String NumPy arrays:

In [30]:
greetings = np.array(["Hello", "Welcome"])
greetings2= np.array(["Everyone", "To The NumPy Class !!"])

a) **Add Strings**
#### **8.**  `np.char.add(string1, string2)` -->  This is like Matrix Addition 

In [31]:
#add strings:
np.char.add(greetings, greetings2)  #(["Hello Everyone", "Welcome To The NumPy Class !!"]) --> this is like Matrix Addition

array(['HelloEveryone', 'WelcomeTo The NumPy Class !!'], dtype='<U28')

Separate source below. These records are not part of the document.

Lemma mem_line2C (v A B : 'rV[F]_4) :
  (v <= line2 A B)%MS <-> exists x y,
    [/\ v 0 i0 = x * A 0 i0 + y * B 0 i0,
        v 0 i1 = x * A 0 i1 + y * B 0 i1,
        v 0 i2 = x * A 0 i2 + y * B 0 i2 &
        v 0 i3 = x * A 0 i3 + y * B 0 i3].
Proof.
rewrite mem_line2; split.
- by case=> x [y ->]; exists x, y; rewrite !lin_coord.
- by case=> x [y [e0 e1 e2 e3]]; exists x, y; apply: row4P; rewrite lin_coord.
Qed.

Lemma sub_lin (l : 'M[F]_4) (u z : 'rV[F]_4) x y :
  (u <= l)%MS -> (z <= l)%MS -> ((x *: u + y *: z)%R <= l)%MS.
Proof. by move=> hu hz; apply: addmx_sub; apply: scalemx_sub. Qed.

Lemma point_vec (p : 'M[F]_4) : is_point p -> exists2 v : 'rV[F]_4, v != 0 & p = <<v>>%MS.
Proof.
case/andP => /eqP sp /eqP r1.
have nz : p != 0 by rewrite -mxrank_eq0 r1.
have [i ri] : exists i, row i p != 0.
  case: (pickP (fun i => row i p != 0)) => [i hi|h]; first by exists i.
  have p0' : p = 0.
    by apply/row_matrixP => i; rewrite row0; apply/eqP; apply/negbFE; apply: h.
  by rewrite p0' eqxx in nz.
exists (row i p) => //.
have s := row_sub i p.
have e : (row i p == p)%MS by rewrite -(mxrank_leqif_eq s).2 rank_rV ri r1.
by rewrite -{1}sp; apply/esym/genmxP.
Qed.

Lemma is_point_gen (v : 'rV[F]_4) : v != 0 -> is_point <<v>>%MS.
Proof. by move=> nz; rewrite /is_point /is_subspace genmx_id eqxx genmxE rank_rV nz. Qed.

Lemma incident_gen (v : 'rV[F]_4) l : incident <<v>>%MS l = (v <= l)%MS.
Proof. by rewrite /incident genmxE. Qed.

Lemma chi_gen (v : 'rV[F]_4) l : v != 0 -> chi l <<v>>%MS = if (v <= l)%MS then 1 else 0.
Proof. by move=> nz; rewrite /chi is_point_gen // incident_gen. Qed.

Definition indep (A B : 'rV[F]_4) := forall x y, x *: A + y *: B = 0 -> x = 0 /\ y = 0.

Lemma indep2 (A B : 'rV[F]_4) i j : A 0 i * B 0 j - A 0 j * B 0 i != 0 -> indep A B.
Proof.
move=> hd x y e.
have ei : x * A 0 i + y * B 0 i = 0 by rewrite -lin_coord e mxE.
have ej : x * A 0 j + y * B 0 j = 0 by rewrite -lin_coord e mxE.
have ex : x * (A 0 i * B 0 j - A 0 j * B 0 i) = 0.
  rewrite -[RHS](addr0 0) -{1}(mulr0 (B 0 j)) -{1}ei -(mulr0 (B 0 i)) -ej; fring.
have ey : y * (A 0 i * B 0 j - A 0 j * B 0 i) = 0.
  rewrite -[RHS](addr0 0) -{1}(mulr0 (A 0 i)) -{1}ej -(mulr0 (A 0 j)) -ei; fring.
by split; apply/eqP; [move/eqP: ex|move/eqP: ey]; rewrite mulf_eq0 (negbTE hd) orbF.
Qed.

Lemma rank_line2 A B : indep A B -> \rank (line2 A B) = 2%N.
Proof.
move=> hi; rewrite /line2 genmxE -addsmxE.
have [_ e] := mxrank_adds_leqif A B.
have nzA : A != 0.
  apply/eqP=> A0; have [h1 _] : (1:F) = 0 /\ (0:F) = 0.
    by apply: hi; rewrite A0 scaler0 scale0r addr0.
  by move/eqP: h1; rewrite oner_eq0.
have nzB : B != 0.
  apply/eqP=> B0; have [_ h1] : (0:F) = 0 /\ (1:F) = 0.
    by apply: hi; rewrite B0 scaler0 scale0r addr0.
  by move/eqP: h1; rewrite oner_eq0.
rewrite !rank_rV nzA nzB /= in e.
apply/eqP; rewrite e; apply/rV_subP => u.
rewrite sub_capmx => /andP[/sub_rVP[x ->] /sub_rVP[y ey]].
have [x0 _] : x = 0 /\ - y = 0 by apply: hi; rewrite ey scaleNr subrr.
by rewrite x0 scale0r sub0mx.
Qed.

Lemma is_line2 A B : indep A B -> sform A B = 0 -> is_line (line2 A B).
Proof.
move=> hi hS; apply/and3P; split; first by rewrite /is_subspace /line2 genmx_id.
  by rewrite rank_line2.
apply/forallP => u; apply/forallP => w; apply/implyP => /andP[].
move=> /mem_line2C [x [y [u0 u1 u2 u3]]] /mem_line2C [x' [y' [w0 w1 w2 w3]]].
apply/eqP; rewrite /sform u0 u1 u2 u3 w0 w1 w2 w3.
rewrite -[RHS](mulr0 (x * y' - y * x')) -hS /sform; fring.
Qed.

Lemma line_eq l A B : is_line l -> indep A B -> (A <= l)%MS -> (B <= l)%MS -> l = line2 A B.
Proof.
case/and3P => /eqP sl /eqP rl _ hi hA hB.
have s : (line2 A B <= l)%MS by rewrite /line2 genmxE col_mx_sub hA hB.
have e : (line2 A B == l)%MS by rewrite -(mxrank_leqif_eq s).2 rl rank_line2.
by rewrite -sl; apply/esym; rewrite /line2 -genmx_id; apply/genmxP.
Qed.

Lemma l0E : l0 F = line2 (vec4 1 0 0 0) (vec4 0 1 0 0).
Proof.
by rewrite /l0; congr (<< col_mx _ _ >>%MS);
  apply: row4P; rewrite !mxE /i0 /i1 /i2 /i3 -?val_eqE /= ?inordK.
Qed.

Lemma p0E : p0 F = <<vec4 1 0 0 0>>%MS.
Proof.
by rewrite /p0; congr (<< _ >>%MS); apply: row4P; rewrite !mxE /i0 /i1 /i2 /i3 -?val_eqE /= ?inordK.
Qed.

(* The points of l0 other than p0 are the <<Pa a>>.  The lines through
   <<Pa a>> other than l0 are the Mline a c, spanned by Pa a and Wv a c.  For
   c1 <> c2 the lines Gline a s c1 c2 (s \in F) miss l0. *)
Definition Pa a := vec4 a 1 0 0.
Definition Wv a c := vec4 c 0 a 1.
Definition Mline a c := line2 (Pa a) (Wv a c).
Definition Gv1 a s c1 := vec4 (s * a + c1) s a 1.
Definition Gv2 a s c1 c2 := vec4 (s * c2) 0 (s * a + (c1 + c2)) s.
Definition Gline a s c1 c2 := line2 (Gv1 a s c1) (Gv2 a s c1 c2).

Lemma Pa_nz a : Pa a != 0.
Proof. by rewrite vec4_eq0 /Pa !vec4E oner_eq0 !andbF. Qed.

Lemma Pa_l0 a : (Pa a <= l0 F)%MS.
Proof.
rewrite l0E; apply/mem_line2; exists a, 1; apply: row4P; rewrite lin_coord /Pa !vec4E; fring.
Qed.

Lemma indepPW a c : indep (Pa a) (Wv a c).
Proof. apply: (@indep2 _ _ i1 i3); rewrite /Pa /Wv !vec4E mulr1 mulr0 subr0; exact: oner_neq0. Qed.

Lemma indepG a s c1 c2 : c1 != c2 -> indep (Gv1 a s c1) (Gv2 a s c1 c2).
Proof.
move=> hc; apply: (@indep2 _ _ i3 i2); rewrite /Gv1 /Gv2 !vec4E.
have -> : 1 * (s * a + (c1 + c2)) - a * s = c1 + c2 by fring.
by rewrite addr_eq0_char2.
Qed.

Lemma Gline_line a s c1 c2 : c1 != c2 -> is_line (Gline a s c1 c2).
Proof.
move=> hc; apply: is_line2; first exact: indepG.
rewrite /sform /Gv1 /Gv2 !vec4E; fring.
Qed.

Lemma Gline_L1 a s c1 c2 : c1 != c2 -> Gline a s c1 c2 \in L1 F.
Proof.
move=> hc; rewrite inE Gline_line //=; apply/forallP => p; apply/negP => /and3P[pp hp hl].
case: (point_vec pp) => v vn pv; rewrite pv !incident_gen l0E in hp hl.
case/mem_line2C: hl => x [y []]; rewrite !vec4E => _ _ e2 e3.
case/mem_line2C: hp => x' [y' []]; rewrite /Gv1 /Gv2 !vec4E => g0 g1 g2 g3.
have ey : y' * (c1 + c2) = 0.
  transitivity ((x' * a + y' * (s * a + (c1 + c2))) + a * (x' * 1 + y' * s)); first by fring.
  by rewrite -g2 -g3 e2 e3; fring.
move/eqP: ey; rewrite mulf_eq0 addr_eq0_char2 (negbTE hc) orbF => /eqP y0.
have x0 : x' = 0 by move: g3; rewrite e3 y0 !mulr0 !mul0r !addr0 mulr1 => <-.
move/negP: vn; apply; rewrite vec4_eq0 g0 g1 g2 g3 x0 y0; apply/and4P; split; apply/eqP; fring.
Qed.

b) **Concatenate Strings**
#### **9.**  `np.concatenate((string1, string2))` --> This joins Head of End to Tail of Front 

In [32]:
#concatenation of Strings:
np.concatenate((greetings, greetings2))           #(["Hello", "Welcome", "Everyone", "To The NumPy Class !!"])

#NOTE: The double braces cuz it is Tuple

array(['Hello', 'Welcome', 'Everyone', 'To The NumPy Class !!'],
      dtype='<U21')

c) **Concatenate Numbers**  --> this is just Stacking of Numbers on eachothers
#### **9.**  `np.concatenate((arr1, arr2))`  

In [33]:
#Concatenation of Numbers:
arr1 = np.array([[10,20],               #2D
                [30,40]])

arr2 = np.array([[50,60],               #2D
                 [70,80]])


np.concatenate((arr1, arr2))            # ([  [10,20],
                                        #     [30,40],
                                        #     [50,60],
                                        #     [70,80]   ])  

# This is just Stacking of Numbers on eachother

array([[10, 20],
       [30, 40],
       [50, 60],
       [70, 80]])

####  `np.concatenate((arr1, arr2), axis=0/1)`  

- Concatenate by columns - `vertical` --> axis=0

In [34]:
np.concatenate((arr1, arr2), axis = 0)     #concat for columns - vertical
#([  [10,20],
#    [30,40],
#    [50,60],
#    [70,80]  ])

array([[10, 20],
       [30, 40],
       [50, 60],
       [70, 80]])

> np.concatenate((arr1, arr2), axis=0) is Default i.e when we don't mention (axis=0) then it is automatically considered

- Concatenate by columns - `horizontal` --> axis=1

In [35]:
np.concatenate((arr1, arr2), axis = 1)     #concat for columns - horizontal
#([  [10,20,30,40],
#    [50,60,70,80]  ])

array([[10, 20, 50, 60],
       [30, 40, 70, 80]])

> All this concatenation is valid if both arrays are **Compatible**

d) **Additional 'CHAR' Functions**

#### **10.**  `np.char.upper(arr)` --> converts all array string elements to Upper Case  

In [36]:
arr = np.array(["Hello", "hELLO", "world", "worLd"])
np.char.upper(arr)                                    # (["HELLO", "HELLO", "WORLD", "WORLD"])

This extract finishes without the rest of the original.